Task statement:
Below are some records; output exactly the lines from the line with "Proof. intro; apply ex_pderiveC_const. Qed." to the line with "Proof. intro; apply ex_pderiveC_inv;", both ends kept, and nothing more.

-- Records provided follows --

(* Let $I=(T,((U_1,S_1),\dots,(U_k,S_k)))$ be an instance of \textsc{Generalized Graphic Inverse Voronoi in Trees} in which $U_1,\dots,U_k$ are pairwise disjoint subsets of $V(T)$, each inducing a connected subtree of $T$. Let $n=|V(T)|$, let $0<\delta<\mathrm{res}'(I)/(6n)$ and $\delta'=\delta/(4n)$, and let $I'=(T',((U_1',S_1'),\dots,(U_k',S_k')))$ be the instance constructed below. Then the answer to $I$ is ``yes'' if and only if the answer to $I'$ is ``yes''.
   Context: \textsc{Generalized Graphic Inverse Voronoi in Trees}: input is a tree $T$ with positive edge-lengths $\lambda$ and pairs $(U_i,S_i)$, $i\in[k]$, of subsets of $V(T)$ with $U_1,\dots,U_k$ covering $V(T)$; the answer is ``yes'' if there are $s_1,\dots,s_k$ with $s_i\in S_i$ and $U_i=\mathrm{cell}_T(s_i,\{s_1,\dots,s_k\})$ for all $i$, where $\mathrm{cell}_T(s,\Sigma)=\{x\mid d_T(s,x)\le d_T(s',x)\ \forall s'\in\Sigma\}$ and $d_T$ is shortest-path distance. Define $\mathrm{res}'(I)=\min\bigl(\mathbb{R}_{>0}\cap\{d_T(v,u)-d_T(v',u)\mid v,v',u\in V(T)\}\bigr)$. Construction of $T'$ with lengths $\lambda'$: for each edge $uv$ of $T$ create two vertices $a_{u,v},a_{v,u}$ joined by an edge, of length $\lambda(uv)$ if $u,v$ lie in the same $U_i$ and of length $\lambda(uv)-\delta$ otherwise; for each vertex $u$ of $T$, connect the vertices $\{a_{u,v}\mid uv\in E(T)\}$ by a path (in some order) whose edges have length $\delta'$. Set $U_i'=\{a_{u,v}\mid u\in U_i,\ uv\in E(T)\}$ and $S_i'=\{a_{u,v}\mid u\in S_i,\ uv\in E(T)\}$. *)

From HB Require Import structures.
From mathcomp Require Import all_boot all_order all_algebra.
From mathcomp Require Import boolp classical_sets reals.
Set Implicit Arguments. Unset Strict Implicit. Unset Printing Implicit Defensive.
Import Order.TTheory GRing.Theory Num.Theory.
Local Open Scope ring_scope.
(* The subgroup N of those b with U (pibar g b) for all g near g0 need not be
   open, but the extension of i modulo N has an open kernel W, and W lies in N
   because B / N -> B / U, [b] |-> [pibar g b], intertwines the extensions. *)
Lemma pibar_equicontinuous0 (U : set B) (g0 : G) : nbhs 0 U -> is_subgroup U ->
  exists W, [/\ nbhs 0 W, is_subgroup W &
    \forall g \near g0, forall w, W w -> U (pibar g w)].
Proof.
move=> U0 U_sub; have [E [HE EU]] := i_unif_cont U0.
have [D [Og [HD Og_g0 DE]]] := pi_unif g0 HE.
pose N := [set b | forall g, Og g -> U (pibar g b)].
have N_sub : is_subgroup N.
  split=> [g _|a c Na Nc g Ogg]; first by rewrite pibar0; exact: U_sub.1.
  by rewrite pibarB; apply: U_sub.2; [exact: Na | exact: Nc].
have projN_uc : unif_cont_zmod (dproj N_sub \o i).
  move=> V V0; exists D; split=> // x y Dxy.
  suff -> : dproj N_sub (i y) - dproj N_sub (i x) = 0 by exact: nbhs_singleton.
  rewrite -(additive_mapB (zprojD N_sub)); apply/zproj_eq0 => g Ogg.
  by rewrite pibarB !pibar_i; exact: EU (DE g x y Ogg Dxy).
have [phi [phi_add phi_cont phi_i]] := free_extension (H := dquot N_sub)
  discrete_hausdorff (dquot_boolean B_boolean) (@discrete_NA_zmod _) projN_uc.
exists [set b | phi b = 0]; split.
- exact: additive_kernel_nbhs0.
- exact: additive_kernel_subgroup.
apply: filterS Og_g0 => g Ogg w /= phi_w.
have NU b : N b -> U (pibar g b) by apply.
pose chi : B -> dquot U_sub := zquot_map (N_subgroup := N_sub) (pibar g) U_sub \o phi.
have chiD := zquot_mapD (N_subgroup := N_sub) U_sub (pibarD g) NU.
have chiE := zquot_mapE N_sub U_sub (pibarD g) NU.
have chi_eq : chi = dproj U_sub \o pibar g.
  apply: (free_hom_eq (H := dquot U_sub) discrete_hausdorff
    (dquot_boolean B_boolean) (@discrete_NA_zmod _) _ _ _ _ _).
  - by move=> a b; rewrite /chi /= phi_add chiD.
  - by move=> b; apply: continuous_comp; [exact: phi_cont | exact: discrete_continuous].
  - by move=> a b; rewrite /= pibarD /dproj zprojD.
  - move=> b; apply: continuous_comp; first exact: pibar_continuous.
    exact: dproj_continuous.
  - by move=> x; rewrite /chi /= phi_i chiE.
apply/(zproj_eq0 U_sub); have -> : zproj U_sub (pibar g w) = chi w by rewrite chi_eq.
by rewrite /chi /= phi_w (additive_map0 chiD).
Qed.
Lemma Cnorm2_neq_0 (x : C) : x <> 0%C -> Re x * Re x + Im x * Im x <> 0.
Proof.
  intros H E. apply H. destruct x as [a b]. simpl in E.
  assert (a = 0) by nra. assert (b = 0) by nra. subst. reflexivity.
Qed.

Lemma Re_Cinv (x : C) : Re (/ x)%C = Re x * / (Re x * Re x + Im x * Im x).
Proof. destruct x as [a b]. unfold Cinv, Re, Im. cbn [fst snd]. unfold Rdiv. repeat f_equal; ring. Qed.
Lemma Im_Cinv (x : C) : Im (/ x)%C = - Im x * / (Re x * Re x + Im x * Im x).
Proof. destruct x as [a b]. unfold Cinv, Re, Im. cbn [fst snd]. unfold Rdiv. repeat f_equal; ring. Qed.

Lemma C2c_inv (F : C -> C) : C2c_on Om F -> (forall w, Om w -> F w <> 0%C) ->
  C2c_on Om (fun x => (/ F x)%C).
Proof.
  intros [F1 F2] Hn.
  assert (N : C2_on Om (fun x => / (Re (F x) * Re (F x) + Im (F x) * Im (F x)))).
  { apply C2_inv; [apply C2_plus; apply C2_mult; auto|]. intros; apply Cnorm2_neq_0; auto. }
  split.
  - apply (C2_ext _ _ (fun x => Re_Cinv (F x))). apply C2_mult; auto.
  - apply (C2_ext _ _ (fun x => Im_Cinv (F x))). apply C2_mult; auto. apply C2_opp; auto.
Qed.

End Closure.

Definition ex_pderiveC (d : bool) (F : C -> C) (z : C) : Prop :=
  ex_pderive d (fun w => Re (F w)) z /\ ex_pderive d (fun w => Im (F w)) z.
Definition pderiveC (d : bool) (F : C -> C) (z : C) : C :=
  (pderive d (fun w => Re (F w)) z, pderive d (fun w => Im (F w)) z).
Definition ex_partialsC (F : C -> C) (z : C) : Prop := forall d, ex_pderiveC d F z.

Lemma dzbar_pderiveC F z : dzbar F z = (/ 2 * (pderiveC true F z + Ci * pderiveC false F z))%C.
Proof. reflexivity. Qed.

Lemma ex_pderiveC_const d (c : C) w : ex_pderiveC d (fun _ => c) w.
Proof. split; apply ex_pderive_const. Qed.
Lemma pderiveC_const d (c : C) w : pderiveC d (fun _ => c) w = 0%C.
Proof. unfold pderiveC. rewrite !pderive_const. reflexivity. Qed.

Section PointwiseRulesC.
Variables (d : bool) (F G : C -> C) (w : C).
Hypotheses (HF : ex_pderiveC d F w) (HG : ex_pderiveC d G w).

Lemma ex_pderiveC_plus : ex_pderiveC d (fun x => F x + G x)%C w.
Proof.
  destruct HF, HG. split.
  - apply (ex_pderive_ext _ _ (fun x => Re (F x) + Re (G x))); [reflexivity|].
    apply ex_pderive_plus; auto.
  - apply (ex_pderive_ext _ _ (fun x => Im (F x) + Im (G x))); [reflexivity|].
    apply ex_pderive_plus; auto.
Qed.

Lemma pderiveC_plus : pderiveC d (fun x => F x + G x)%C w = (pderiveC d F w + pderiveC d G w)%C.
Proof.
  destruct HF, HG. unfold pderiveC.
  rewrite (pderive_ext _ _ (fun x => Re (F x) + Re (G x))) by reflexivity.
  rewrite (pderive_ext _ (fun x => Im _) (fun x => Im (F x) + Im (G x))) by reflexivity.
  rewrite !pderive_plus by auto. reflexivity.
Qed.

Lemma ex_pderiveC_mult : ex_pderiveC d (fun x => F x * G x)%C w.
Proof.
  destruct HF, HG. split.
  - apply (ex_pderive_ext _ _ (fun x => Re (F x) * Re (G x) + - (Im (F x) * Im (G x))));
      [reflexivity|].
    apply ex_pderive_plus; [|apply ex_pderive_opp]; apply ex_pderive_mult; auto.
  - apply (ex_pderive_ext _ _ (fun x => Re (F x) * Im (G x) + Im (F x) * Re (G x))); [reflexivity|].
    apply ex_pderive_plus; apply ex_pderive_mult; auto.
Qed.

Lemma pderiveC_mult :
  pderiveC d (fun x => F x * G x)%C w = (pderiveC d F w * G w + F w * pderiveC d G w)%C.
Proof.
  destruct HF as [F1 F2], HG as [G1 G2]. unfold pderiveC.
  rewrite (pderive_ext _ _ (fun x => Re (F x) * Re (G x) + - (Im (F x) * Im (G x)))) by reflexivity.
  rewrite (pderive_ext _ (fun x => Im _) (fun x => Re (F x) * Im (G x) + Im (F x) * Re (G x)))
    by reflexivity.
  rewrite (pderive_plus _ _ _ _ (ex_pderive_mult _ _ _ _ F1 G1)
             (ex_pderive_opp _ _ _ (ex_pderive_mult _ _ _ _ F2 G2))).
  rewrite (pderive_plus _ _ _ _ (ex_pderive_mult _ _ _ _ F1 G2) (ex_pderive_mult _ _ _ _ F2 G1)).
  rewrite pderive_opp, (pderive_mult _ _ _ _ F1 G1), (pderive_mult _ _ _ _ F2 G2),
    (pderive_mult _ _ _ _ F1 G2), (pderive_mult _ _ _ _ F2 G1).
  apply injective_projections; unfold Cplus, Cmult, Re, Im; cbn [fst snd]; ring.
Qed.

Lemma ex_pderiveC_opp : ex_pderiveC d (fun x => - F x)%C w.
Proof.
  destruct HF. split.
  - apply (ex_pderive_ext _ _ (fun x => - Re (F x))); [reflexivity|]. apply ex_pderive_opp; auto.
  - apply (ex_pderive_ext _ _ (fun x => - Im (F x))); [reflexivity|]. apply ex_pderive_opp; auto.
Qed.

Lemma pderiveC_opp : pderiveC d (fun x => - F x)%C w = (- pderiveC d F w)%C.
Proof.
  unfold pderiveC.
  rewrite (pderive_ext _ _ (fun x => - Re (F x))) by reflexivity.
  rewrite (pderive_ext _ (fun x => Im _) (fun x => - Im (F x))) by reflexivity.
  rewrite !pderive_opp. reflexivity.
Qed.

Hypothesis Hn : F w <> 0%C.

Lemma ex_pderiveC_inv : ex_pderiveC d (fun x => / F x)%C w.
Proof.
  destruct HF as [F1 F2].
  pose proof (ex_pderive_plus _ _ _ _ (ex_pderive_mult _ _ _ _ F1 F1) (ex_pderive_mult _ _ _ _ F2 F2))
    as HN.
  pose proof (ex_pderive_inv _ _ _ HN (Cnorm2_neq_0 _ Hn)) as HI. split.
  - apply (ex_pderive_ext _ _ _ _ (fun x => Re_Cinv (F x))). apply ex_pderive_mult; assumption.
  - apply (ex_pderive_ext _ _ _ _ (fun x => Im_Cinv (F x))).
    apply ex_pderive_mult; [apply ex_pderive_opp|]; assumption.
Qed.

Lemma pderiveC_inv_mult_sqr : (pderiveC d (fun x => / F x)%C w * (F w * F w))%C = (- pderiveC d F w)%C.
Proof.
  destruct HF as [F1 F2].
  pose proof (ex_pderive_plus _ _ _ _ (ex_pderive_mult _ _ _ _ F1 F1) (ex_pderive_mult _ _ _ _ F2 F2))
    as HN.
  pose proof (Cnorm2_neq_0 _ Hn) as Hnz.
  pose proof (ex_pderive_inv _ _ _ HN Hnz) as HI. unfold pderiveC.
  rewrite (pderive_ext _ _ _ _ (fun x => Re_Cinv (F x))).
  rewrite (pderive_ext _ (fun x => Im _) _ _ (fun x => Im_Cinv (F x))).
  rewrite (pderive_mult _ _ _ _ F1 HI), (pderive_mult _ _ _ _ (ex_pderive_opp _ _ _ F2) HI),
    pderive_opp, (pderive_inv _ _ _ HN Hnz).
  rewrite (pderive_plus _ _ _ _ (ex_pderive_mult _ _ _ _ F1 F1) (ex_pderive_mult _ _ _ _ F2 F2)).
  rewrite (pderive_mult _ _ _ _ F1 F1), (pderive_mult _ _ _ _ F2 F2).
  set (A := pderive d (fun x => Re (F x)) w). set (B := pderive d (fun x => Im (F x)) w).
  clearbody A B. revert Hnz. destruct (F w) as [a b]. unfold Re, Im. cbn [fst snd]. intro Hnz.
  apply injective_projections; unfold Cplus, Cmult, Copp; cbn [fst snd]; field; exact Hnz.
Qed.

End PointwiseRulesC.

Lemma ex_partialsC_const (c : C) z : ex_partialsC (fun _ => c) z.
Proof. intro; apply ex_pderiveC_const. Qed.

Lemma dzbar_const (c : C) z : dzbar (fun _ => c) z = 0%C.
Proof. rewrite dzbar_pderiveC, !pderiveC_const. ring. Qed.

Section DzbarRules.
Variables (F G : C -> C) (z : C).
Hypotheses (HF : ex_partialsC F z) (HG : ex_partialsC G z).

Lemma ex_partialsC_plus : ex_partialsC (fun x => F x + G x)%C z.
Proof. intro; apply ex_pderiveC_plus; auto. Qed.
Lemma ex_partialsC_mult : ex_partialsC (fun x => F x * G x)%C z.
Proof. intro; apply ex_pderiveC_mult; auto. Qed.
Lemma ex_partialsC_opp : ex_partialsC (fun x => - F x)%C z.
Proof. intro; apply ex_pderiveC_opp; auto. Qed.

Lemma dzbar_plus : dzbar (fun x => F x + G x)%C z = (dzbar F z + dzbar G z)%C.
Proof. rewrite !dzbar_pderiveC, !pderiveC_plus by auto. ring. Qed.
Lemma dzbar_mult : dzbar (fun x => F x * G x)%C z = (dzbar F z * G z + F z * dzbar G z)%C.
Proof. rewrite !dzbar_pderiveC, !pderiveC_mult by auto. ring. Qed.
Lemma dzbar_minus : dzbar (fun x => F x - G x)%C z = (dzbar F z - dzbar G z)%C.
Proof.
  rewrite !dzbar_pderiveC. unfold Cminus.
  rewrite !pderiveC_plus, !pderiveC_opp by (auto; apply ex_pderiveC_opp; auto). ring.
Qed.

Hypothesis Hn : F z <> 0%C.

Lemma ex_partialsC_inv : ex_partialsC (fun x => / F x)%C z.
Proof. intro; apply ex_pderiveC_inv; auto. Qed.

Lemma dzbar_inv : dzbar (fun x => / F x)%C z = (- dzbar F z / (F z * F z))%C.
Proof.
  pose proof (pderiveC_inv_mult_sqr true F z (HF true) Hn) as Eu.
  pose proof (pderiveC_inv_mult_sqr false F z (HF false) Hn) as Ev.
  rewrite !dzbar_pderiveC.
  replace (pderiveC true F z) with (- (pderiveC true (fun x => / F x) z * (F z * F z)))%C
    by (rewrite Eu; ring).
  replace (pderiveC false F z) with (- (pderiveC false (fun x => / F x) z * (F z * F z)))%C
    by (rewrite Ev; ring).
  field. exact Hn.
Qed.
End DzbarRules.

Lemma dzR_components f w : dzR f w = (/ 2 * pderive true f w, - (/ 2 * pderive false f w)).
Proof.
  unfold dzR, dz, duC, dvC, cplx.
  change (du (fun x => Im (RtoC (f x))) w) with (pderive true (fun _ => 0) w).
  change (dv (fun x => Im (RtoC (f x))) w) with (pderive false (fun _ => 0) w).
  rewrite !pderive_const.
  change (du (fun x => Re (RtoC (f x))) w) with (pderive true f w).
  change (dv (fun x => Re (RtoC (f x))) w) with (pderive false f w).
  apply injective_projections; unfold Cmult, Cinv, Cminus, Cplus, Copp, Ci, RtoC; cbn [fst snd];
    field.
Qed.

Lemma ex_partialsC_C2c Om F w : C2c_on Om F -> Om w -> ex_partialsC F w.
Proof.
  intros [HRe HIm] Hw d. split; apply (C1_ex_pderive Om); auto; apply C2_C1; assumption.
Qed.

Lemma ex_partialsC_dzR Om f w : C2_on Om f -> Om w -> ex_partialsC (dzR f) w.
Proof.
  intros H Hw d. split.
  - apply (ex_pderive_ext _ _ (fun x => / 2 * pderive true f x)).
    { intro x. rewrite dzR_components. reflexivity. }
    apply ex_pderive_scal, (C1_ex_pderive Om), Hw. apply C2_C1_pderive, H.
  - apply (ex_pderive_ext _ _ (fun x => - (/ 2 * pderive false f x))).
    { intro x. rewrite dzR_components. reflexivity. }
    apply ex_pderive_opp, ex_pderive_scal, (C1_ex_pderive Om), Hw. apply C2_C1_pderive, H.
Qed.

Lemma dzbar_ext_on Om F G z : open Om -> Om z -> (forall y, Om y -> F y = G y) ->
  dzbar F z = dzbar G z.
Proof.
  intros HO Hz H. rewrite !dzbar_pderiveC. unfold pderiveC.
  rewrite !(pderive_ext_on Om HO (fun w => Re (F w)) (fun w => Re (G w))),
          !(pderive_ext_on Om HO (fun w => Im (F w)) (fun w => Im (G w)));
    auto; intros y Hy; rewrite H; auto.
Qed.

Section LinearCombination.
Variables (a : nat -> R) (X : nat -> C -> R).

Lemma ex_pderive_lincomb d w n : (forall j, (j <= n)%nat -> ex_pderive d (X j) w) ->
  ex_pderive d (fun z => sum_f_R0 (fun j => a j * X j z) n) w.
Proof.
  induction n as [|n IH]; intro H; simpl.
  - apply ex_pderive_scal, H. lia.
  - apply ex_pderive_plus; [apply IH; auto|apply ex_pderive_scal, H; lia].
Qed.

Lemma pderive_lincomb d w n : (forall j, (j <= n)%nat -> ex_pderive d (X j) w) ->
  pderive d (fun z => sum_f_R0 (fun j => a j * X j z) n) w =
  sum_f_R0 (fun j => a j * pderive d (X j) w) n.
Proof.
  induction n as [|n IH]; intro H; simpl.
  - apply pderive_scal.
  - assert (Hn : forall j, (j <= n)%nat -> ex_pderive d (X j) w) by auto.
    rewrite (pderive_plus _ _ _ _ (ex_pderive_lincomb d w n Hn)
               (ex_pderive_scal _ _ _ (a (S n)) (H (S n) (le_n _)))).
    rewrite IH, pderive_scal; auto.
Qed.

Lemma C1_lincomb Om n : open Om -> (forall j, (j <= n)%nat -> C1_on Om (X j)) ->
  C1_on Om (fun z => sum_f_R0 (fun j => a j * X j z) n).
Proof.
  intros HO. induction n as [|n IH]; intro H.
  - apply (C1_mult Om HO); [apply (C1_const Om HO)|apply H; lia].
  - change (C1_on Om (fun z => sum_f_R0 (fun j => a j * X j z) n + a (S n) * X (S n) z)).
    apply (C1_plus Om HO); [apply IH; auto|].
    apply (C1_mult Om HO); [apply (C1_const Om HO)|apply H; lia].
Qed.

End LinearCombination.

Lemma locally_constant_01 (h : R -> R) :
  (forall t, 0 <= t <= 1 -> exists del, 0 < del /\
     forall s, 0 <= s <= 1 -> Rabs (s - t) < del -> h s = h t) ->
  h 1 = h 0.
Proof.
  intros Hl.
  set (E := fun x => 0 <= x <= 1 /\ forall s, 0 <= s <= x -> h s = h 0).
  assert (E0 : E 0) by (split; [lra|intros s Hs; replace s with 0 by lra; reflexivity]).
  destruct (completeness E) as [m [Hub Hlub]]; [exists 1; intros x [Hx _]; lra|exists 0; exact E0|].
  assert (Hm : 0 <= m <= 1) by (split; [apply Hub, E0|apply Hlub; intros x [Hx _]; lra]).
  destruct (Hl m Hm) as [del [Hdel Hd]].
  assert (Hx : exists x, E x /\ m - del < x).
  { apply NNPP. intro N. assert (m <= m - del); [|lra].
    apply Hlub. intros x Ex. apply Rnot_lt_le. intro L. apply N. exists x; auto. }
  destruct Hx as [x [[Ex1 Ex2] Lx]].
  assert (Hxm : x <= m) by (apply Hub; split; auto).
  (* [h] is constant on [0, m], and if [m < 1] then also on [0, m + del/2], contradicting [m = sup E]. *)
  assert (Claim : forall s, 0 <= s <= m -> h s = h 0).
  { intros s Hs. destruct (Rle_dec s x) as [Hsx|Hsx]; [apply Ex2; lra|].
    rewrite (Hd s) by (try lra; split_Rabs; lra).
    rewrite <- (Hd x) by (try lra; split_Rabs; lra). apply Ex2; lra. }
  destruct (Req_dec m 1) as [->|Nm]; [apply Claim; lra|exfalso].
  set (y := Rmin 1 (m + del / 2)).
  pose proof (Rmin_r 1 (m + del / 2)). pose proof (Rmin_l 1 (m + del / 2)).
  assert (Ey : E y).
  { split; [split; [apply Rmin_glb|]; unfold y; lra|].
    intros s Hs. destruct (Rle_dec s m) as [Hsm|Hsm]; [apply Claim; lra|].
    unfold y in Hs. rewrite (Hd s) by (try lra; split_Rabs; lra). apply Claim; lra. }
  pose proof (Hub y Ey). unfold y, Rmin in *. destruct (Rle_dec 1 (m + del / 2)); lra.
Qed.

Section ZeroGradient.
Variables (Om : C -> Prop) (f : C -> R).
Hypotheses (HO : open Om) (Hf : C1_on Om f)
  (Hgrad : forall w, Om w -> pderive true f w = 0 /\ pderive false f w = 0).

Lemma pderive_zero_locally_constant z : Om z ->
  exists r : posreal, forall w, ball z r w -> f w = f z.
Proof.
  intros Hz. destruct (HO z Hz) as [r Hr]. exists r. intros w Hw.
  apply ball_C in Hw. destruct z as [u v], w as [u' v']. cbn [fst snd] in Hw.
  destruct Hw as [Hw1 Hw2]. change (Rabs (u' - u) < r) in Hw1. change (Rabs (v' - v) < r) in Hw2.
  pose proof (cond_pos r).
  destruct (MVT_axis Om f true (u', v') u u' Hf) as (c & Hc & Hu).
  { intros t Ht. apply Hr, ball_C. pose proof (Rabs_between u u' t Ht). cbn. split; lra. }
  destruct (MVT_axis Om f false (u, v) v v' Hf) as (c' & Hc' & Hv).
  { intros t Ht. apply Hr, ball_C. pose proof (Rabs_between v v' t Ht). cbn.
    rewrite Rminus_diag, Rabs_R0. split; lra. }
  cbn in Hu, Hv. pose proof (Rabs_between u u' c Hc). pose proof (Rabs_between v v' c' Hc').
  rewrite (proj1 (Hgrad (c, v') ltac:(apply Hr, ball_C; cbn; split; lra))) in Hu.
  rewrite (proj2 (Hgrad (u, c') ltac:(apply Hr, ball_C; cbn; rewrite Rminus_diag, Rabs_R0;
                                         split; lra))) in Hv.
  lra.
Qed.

-- Records provided concluded --

Task response:
Proof. intro; apply ex_pderiveC_const. Qed.

Lemma dzbar_const (c : C) z : dzbar (fun _ => c) z = 0%C.
Proof. rewrite dzbar_pderiveC, !pderiveC_const. ring. Qed.

Section DzbarRules.
Variables (F G : C -> C) (z : C).
Hypotheses (HF : ex_partialsC F z) (HG : ex_partialsC G z).

Lemma ex_partialsC_plus : ex_partialsC (fun x => F x + G x)%C z.
Proof. intro; apply ex_pderiveC_plus; auto. Qed.
Lemma ex_partialsC_mult : ex_partialsC (fun x => F x * G x)%C z.
Proof. intro; apply ex_pderiveC_mult; auto. Qed.
Lemma ex_partialsC_opp : ex_partialsC (fun x => - F x)%C z.
Proof. intro; apply ex_pderiveC_opp; auto. Qed.

Lemma dzbar_plus : dzbar (fun x => F x + G x)%C z = (dzbar F z + dzbar G z)%C.
Proof. rewrite !dzbar_pderiveC, !pderiveC_plus by auto. ring. Qed.
Lemma dzbar_mult : dzbar (fun x => F x * G x)%C z = (dzbar F z * G z + F z * dzbar G z)%C.
Proof. rewrite !dzbar_pderiveC, !pderiveC_mult by auto. ring. Qed.
Lemma dzbar_minus : dzbar (fun x => F x - G x)%C z = (dzbar F z - dzbar G z)%C.
Proof.
  rewrite !dzbar_pderiveC. unfold Cminus.
  rewrite !pderiveC_plus, !pderiveC_opp by (auto; apply ex_pderiveC_opp; auto). ring.
Qed.

Hypothesis Hn : F z <> 0%C.

Lemma ex_partialsC_inv : ex_partialsC (fun x => / F x)%C z.
Proof. intro; apply ex_pderiveC_inv; auto. Qed.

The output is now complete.